Filter these entries down to lines holding "rpowS".

:: DATA ::

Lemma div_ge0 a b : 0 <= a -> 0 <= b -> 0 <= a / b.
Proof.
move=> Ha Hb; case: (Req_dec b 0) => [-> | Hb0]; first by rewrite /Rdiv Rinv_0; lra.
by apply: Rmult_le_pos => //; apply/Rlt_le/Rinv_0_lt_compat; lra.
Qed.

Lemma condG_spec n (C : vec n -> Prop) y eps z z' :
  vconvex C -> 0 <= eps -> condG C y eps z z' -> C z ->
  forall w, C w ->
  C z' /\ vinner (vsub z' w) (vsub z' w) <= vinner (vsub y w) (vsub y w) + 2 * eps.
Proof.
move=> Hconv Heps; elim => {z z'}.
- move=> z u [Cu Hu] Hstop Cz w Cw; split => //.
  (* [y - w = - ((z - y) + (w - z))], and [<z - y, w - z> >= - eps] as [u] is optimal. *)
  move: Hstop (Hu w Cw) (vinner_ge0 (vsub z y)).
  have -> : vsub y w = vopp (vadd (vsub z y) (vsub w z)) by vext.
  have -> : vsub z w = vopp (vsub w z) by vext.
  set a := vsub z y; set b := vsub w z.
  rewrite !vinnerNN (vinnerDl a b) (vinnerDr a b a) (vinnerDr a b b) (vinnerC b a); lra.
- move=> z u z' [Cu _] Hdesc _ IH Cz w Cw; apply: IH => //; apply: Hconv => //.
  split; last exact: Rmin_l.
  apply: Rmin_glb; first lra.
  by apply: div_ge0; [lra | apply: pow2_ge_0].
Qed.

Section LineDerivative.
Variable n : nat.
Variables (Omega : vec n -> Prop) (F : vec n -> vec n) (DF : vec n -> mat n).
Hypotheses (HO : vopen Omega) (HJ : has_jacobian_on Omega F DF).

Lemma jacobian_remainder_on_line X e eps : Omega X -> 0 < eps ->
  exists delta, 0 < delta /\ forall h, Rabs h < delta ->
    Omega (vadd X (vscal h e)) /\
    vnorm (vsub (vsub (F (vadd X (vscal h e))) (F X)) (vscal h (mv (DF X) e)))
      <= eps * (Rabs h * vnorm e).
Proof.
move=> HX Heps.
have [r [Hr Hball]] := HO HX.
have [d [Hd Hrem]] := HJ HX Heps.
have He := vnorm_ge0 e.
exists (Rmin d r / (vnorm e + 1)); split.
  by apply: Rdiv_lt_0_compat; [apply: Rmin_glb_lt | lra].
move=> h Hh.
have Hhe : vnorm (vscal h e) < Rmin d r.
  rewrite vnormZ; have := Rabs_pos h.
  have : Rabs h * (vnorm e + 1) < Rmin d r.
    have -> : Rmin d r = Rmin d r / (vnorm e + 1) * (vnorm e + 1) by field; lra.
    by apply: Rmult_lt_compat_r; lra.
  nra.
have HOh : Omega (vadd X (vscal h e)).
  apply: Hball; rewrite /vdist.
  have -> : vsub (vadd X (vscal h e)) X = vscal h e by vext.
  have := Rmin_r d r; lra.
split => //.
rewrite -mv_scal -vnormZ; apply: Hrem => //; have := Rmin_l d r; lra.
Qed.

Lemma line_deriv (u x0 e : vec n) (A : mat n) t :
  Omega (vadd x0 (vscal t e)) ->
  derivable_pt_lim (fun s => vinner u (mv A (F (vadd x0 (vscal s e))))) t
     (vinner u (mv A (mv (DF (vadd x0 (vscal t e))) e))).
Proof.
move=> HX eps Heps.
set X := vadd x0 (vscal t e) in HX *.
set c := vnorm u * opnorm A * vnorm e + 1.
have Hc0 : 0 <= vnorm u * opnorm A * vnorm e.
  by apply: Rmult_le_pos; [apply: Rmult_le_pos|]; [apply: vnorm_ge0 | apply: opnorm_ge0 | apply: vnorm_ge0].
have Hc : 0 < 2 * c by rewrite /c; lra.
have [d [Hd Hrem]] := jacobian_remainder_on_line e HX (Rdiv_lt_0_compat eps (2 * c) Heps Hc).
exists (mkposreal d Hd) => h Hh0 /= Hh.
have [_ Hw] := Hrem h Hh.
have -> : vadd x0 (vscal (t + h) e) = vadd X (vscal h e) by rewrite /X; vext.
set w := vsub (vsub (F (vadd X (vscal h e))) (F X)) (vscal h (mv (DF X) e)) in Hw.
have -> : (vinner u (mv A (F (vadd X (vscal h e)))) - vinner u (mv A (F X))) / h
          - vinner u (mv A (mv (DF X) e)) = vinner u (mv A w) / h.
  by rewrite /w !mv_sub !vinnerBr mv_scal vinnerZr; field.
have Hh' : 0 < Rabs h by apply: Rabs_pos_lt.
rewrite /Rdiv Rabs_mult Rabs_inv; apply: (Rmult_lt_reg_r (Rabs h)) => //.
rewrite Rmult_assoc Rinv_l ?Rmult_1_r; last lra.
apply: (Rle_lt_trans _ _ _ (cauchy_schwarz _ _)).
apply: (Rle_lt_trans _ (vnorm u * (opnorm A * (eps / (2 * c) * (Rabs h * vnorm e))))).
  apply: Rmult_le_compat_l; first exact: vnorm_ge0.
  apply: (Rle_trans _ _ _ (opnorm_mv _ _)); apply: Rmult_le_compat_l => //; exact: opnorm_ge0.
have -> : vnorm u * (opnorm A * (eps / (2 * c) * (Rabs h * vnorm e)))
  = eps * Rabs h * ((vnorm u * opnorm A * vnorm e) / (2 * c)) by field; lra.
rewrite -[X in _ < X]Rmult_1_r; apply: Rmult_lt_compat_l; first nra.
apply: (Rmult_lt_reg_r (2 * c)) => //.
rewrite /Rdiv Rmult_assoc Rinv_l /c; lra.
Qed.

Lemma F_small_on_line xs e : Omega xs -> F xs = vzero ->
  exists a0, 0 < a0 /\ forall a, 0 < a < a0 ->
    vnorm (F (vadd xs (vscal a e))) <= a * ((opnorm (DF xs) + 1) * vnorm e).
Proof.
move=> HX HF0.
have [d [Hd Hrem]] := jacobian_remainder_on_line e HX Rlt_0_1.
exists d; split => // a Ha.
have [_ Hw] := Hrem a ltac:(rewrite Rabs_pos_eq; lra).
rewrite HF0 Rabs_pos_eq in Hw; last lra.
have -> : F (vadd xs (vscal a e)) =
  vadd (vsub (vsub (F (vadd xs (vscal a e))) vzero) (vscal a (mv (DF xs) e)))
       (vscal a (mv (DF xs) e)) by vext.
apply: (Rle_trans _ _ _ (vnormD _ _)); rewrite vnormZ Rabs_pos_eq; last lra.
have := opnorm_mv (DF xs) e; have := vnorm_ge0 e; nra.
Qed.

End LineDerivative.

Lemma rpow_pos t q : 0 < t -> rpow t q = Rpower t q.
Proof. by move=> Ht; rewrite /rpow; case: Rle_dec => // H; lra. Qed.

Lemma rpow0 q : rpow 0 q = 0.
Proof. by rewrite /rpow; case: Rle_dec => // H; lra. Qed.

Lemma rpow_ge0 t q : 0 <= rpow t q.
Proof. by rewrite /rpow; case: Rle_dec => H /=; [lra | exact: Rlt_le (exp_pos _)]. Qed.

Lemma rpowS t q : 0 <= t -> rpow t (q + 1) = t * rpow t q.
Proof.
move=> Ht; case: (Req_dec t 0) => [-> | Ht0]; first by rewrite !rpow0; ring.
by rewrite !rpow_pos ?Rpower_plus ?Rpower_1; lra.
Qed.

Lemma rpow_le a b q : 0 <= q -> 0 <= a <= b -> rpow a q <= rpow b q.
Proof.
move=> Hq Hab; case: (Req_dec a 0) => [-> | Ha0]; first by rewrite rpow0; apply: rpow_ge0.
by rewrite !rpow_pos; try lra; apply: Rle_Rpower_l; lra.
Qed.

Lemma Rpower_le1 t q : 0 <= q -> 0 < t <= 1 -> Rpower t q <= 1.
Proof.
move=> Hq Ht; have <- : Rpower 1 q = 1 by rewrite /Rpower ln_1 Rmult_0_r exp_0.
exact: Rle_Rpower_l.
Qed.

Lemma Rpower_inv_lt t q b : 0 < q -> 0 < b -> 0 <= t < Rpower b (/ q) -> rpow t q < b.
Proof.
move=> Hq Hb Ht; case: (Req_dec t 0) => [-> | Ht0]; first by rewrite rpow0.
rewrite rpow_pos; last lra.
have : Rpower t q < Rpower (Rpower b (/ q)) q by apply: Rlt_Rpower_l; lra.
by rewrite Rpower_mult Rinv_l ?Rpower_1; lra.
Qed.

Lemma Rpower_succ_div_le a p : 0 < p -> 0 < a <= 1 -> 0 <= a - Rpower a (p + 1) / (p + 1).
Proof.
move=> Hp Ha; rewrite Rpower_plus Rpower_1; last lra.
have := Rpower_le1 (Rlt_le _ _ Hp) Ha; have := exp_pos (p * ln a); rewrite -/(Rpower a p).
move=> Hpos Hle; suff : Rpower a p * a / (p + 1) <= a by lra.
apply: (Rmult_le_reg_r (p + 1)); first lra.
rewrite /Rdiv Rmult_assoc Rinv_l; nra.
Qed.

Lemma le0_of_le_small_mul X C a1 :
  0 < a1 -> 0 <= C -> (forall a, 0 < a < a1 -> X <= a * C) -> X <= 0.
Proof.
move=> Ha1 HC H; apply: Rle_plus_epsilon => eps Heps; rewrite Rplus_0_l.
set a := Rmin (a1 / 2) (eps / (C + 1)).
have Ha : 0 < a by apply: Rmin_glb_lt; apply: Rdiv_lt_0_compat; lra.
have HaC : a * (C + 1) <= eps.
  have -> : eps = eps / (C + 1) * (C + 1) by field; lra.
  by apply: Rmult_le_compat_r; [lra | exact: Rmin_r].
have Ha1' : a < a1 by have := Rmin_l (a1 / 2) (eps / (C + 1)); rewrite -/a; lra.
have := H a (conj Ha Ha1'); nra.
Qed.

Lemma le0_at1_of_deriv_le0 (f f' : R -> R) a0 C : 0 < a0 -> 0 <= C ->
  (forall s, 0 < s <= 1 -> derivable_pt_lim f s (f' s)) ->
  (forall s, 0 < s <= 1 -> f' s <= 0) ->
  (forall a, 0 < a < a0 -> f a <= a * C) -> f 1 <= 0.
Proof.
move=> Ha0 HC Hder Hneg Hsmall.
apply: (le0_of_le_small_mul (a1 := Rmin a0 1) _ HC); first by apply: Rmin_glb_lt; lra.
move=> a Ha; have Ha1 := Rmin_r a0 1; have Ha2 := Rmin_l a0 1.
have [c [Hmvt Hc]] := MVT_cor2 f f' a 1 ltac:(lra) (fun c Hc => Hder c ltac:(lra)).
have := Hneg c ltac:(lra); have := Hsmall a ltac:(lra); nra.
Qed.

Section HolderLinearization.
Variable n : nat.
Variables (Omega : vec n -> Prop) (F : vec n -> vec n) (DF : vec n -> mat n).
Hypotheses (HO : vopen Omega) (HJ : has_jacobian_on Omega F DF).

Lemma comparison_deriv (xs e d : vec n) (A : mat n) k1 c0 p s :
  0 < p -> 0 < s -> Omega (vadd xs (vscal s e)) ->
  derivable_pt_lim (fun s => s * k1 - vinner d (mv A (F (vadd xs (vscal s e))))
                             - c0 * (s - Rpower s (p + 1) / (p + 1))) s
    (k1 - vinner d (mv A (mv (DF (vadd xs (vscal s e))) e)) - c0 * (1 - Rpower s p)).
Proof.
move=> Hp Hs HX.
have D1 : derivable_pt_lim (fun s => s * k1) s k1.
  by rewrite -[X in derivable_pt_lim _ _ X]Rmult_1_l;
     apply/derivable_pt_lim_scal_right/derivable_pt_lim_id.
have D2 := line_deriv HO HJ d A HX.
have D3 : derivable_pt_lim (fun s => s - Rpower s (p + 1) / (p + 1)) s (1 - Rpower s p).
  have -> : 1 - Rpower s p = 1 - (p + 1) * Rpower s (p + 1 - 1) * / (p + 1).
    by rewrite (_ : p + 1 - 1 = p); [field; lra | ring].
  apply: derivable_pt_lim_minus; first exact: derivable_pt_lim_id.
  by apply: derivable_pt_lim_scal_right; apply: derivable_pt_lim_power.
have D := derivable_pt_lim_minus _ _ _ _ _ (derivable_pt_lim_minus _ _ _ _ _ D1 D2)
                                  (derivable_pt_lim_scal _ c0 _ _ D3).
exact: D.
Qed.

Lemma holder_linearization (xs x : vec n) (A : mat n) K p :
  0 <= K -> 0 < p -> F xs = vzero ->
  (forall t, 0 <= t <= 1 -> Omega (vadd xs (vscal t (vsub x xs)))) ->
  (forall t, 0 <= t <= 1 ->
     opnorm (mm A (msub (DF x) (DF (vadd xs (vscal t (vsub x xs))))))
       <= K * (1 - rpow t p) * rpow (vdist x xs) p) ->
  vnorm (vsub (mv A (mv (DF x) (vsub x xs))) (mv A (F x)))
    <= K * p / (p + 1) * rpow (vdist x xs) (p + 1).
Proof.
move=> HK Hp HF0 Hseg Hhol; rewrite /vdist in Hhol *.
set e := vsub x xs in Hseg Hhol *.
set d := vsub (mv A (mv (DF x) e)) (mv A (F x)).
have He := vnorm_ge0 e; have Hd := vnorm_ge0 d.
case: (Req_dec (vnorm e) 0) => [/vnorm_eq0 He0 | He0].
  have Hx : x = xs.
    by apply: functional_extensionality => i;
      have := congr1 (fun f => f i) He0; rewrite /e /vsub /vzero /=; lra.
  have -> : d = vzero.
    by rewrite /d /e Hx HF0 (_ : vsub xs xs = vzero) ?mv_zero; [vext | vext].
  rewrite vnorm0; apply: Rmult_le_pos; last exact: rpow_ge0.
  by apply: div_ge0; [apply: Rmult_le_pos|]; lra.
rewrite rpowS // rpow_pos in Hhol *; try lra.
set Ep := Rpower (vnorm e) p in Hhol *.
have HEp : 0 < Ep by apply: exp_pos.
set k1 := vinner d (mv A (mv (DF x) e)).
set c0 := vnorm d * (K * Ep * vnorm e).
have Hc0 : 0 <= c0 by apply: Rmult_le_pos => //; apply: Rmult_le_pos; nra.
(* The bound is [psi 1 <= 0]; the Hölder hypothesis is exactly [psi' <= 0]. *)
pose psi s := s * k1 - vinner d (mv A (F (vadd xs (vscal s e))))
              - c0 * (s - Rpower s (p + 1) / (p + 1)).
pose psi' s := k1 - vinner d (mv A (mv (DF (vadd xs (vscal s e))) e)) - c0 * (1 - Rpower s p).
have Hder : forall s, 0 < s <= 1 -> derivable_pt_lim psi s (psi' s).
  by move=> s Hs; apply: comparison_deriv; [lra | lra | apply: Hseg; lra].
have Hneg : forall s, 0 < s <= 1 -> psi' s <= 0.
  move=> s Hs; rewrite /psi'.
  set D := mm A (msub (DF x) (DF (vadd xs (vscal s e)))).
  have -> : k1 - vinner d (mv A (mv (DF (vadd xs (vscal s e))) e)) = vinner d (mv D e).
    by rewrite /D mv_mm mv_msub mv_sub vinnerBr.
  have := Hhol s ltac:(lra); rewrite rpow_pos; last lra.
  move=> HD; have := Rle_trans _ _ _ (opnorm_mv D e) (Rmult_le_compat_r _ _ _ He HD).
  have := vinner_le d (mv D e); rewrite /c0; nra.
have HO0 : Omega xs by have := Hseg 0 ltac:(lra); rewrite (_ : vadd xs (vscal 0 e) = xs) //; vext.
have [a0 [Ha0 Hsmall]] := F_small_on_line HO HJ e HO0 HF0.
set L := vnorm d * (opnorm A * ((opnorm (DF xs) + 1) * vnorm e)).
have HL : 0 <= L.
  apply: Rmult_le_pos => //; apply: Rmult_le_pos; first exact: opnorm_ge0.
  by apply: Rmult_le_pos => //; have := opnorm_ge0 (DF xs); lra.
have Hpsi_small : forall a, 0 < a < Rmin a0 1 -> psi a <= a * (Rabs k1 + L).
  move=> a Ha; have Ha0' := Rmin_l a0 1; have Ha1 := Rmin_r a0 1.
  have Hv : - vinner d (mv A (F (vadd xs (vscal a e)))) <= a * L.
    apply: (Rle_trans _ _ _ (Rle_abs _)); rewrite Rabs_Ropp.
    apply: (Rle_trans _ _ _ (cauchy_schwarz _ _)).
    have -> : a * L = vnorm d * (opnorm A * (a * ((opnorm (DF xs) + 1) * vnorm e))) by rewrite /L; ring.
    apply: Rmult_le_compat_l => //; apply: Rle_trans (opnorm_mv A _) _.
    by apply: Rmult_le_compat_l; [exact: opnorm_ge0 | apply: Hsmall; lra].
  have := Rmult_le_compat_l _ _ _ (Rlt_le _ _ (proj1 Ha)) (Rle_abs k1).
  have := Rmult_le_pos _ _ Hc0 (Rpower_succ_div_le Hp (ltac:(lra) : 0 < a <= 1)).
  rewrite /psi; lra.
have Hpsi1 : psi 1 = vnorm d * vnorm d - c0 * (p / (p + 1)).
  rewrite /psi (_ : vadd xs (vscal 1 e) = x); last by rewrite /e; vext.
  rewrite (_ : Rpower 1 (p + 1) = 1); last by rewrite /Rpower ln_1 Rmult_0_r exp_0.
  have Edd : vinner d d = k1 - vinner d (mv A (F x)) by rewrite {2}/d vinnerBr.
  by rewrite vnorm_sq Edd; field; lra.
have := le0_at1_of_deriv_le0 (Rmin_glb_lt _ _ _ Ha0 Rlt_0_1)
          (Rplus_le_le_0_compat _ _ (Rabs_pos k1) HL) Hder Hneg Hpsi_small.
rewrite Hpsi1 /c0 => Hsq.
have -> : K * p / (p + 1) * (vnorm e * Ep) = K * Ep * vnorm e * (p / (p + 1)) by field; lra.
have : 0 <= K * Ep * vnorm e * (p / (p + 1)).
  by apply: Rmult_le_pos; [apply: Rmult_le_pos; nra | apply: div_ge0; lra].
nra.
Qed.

:::
:: DATA ::

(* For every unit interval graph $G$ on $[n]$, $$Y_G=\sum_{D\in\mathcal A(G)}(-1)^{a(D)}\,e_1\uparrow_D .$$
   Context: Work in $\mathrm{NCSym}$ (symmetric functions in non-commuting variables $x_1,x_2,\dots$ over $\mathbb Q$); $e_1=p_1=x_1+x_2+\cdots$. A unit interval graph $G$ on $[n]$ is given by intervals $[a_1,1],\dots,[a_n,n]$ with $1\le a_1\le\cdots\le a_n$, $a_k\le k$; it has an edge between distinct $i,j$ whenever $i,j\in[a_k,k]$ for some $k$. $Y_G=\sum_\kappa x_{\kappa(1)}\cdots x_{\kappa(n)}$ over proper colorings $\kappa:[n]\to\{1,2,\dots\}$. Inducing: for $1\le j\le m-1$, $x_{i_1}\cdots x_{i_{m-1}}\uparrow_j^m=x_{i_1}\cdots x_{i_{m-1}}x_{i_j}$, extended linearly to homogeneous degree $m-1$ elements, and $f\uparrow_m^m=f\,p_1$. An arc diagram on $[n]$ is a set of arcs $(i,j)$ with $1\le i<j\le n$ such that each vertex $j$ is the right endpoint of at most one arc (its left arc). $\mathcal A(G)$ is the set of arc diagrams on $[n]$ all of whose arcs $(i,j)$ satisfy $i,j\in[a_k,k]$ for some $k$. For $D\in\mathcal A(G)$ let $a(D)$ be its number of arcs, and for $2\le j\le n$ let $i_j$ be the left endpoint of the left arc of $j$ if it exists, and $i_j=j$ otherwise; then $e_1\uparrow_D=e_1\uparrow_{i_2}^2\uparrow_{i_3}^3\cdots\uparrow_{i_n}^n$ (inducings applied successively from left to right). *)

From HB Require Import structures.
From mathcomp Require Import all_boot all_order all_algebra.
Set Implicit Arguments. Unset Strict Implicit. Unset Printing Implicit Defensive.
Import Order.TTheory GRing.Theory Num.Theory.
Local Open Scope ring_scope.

:::

▸ ANSWER TO THIS PROBLEM
Lemma rpowS t q : 0 <= t -> rpow t (q + 1) = t * rpow t q.
rewrite rpowS // rpow_pos in Hhol *; try lra.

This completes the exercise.